There is not much credit card usage in Oaxaca. People don’t trust banks. They hoard and hide cash, if they have it. People buy everything with cash. Delivery service? I don’t think so. Where does the cash come from? Tourism, for the most part. And, now there is none of that.

Small puestos on the streets have not gone away. Those still working, and there are many, cluster at food stands where vendors prepare tacos on-the- spot. Food prices have escalated. Ours have, too, but we have a government bailout coming, of sorts. So in a couple of weeks, there will be checks in the mail for many, though not the most vulnerable! None of that in Oaxaca.

In Oaxaca, my guero friends who live there permanently are careful and cautious. They are keeping up with the news. A few, like Carol, chose to stay in Oaxaca, rather than returning home to South Carolina. She is in a six-person compound and no one goes outside.

There is our member-only Facebook page Clandestine Oaxaca Appreciation Society. We get the news here about everything Oaxaca, and now, especially, what people need and observe.


Kay and Dean Michaels, owners of Oaxaca Eats, report this to me:

Hi Norma!

Hope you are doing well. We’re fine. Like many, watching waaaaayyyy to much Netflix and eating way too many carbs!! I think we, alone, are keeping Boulenc in business. 🙂

Tasty treat from Boulenc

We ventured out today (both of us wearing masks and armed with anti-bacterial gel) to Immigration to update our new home address from our recent move. We only have another month to do this, so thought sooner than later was better. Macedonio Alcala [the tourist walking street] was deserted all the way to the Zocalo with only a few places open.
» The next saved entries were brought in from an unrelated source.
Lemma lip_sampler_drift_restore (h : R) (ell k : nat) :
  let t := k%:R * h in let s := (k - ell)%:R * h in
  (2 <= ell <= k)%N -> 0 < h -> 0 < g s -> 0 <= g t <= gmax ->
  ell%:R * h * Kmax <= 1 ->
  lip_eucl (f t) Lf -> lip_eucl (f s) Lf -> lip_eucl (score_fn q t) Ls ->
  lip_eucl (fun x => h^-1 *: (sampler_step f g q h ell k x - x)) (3 * Kmax).
Proof.
move=> t s hk hp gs ggm hstep Hft Hfs HS.
have /andP[ell2 ellk] := hk.
set l : R := ell%:R.
have l1 : 1 <= l by rewrite ler1n (leq_trans _ ell2).
have lh : 0 < l * h by rewrite mulr_gt0 // (lt_le_trans ltr01).
set c := Num.sqrt ((l - 1) * h) / Num.sqrt (l * h).
have c0 : 0 <= c by rewrite divr_ge0 ?sqrtr_ge0.
have cl : c ^+ 2 * l = l - 1.
  rewrite /c expr_div_n !sqr_sqrtr ?(ltW lh) ?mulr_ge0 ?subr_ge0 ?(ltW hp) //.
  by field; rewrite !gt_eqF // (lt_le_trans ltr01).
have [/andP[a0 a1] b1] := drift_coef_bounds l1 c0 cl.
apply: eq_lip_eucl (fsym (sampler_step_drift_restore hk hp (lt0r_neq0 gs) (erefl c))) _.
have ets : t - s = l * h by rewrite /t /s natrB //; ring.
have ts0 : 0 <= t - s by rewrite ets ltW.
have := lip_euclD (lip_euclZ ((1 - c) * l) (lip_reverse_drift Hft HS))
  (lip_euclZ (l - 1 - c * l) (lip_eucl_comp Lf0 Hfs
    (lip_restoration ts0 Hft HS))).
apply: lip_eucl_le; rewrite ets (ger0_norm a0).
have /andP[K0 KK] := le_reverse_drift_const ggm.
set K := Lf + g t ^+ 2 * Ls in K0 KK *.
have LfK : Lf <= Kmax by rewrite /Kmax lerDl mulr_ge0 ?sqr_ge0.
have lhK : l * h * K <= 1 by apply: le_trans hstep; rewrite ler_wpM2l // ltW.
have drift_part : (1 - c) * l * K <= Kmax by apply: le_trans KK; rewrite ler_piMl.
have compose_part : `|l - 1 - c * l| * (Lf * (1 + l * h * K)) <= 2 * Kmax.
  apply: le_trans (_ : Lf * 2 <= _); last by rewrite mulrC ler_wpM2l.
  apply: le_trans (_ : 1 * (Lf * (1 + l * h * K)) <= _).
    by rewrite ler_wpM2r // mulr_ge0 // addr_ge0 // mulr_ge0 // ltW.
  by rewrite mul1r ler_wpM2l //; lra.
lra.
Qed.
Miniso is obviously an essential business, as it’s doors were open. And, we were surprised to see a tejate vendor in front of Mayordomo Restaurante which is still open.

The Zocalo seemed busy, but if was hard to tell from Independencia. I’m sure it’s a different scene south of the Zocalo. There were huge lines at many banks stretching for more than a block. Those waiting for Banorte [bank] on Garcia Vigil were lined up down Calle Morelos to Alcala. People were NOT practicing sana distancia. However, on Independencia at Santander, people were practicing textbook distancing while waiting in line. Oaxaca has marked it’s first COVID death.

Upstairs at the Immigration Office, we were required to have our temperatures taken before we could sign in. One “laser-like” point to our forehead and voila – a perfect 36 and 35.5. We were in. There was one person in the office and he took all of our info, completed it, and then called us in to sign. We were off and on our way to Boulenc where they have now installed strips of yellow tape in front of their display cases so patrons won’t get to close to said food or employees. Kinda of like looking at art at a museum. 🙂 With our bags full, we made a slow trek, in full sun, back home with a brief stop at Ahorra Pharmacy for a personal-sized bottle of antibacterial gel. They only allow one per person. 

We got water last night so our tinacos [water tanks] are full and life is good!

Abrazos amiga!

Kay and Dean


As with everything I write, I caution us to NOT JUDGE but to understand. Poverty breeds urgency and fear. There is a lot to be fearful for in Oaxaca. Where will the food come from? How much will it cost? Who in my family will get sick and die? But most are not educated beyond the 8th Grade, and understanding the science of this disease is difficult. Systemic issues will only magnify during these times — for all of us. As we know, the USA response to public health has been slow and inadequate. There is a lot for us to be fearful for here, too.